**Records for processing:**
--------------------------------

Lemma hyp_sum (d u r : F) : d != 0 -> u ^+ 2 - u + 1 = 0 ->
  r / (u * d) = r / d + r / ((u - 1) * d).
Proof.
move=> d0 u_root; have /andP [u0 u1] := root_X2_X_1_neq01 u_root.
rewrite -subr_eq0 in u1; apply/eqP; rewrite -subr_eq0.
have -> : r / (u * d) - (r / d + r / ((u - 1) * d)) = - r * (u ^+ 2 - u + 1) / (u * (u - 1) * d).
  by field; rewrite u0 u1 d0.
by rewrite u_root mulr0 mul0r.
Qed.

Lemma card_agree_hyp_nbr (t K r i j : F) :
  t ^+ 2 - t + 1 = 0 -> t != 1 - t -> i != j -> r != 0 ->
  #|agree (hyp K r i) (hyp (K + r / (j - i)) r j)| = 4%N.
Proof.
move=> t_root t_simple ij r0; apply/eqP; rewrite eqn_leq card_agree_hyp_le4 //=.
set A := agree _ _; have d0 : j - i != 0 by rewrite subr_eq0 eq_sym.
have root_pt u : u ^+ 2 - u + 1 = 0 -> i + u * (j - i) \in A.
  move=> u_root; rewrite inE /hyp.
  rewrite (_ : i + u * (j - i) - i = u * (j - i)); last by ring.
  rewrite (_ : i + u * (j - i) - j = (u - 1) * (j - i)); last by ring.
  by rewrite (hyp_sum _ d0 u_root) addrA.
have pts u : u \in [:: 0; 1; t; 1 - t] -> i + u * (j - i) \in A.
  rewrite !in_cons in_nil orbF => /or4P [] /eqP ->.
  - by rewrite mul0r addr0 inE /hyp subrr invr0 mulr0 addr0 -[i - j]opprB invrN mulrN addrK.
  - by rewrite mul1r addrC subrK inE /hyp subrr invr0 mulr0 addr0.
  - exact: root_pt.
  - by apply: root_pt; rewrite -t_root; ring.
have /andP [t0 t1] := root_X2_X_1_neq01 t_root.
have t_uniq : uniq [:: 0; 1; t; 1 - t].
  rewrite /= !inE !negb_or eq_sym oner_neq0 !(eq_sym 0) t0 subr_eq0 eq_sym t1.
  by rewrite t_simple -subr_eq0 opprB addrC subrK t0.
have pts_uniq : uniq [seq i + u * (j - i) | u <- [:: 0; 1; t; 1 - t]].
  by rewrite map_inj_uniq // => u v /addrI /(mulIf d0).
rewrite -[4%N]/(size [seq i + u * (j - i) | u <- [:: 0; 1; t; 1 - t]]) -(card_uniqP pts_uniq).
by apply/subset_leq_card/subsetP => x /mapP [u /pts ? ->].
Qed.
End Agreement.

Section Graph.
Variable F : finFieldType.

--------------------------------

**Exercise details:**
Write out exactly the final stretch of the listing above, beginning at the line that contains "rewrite /= !inE" and ending at its last line, with nothing added.

**Answer to the problem:**
  rewrite /= !inE !negb_or eq_sym oner_neq0 !(eq_sym 0) t0 subr_eq0 eq_sym t1.
  by rewrite t_simple -subr_eq0 opprB addrC subrK t0.
have pts_uniq : uniq [seq i + u * (j - i) | u <- [:: 0; 1; t; 1 - t]].
  by rewrite map_inj_uniq // => u v /addrI /(mulIf d0).
rewrite -[4%N]/(size [seq i + u * (j - i) | u <- [:: 0; 1; t; 1 - t]]) -(card_uniqP pts_uniq).
by apply/subset_leq_card/subsetP => x /mapP [u /pts ? ->].
Qed.
End Agreement.

Section Graph.
Variable F : finFieldType.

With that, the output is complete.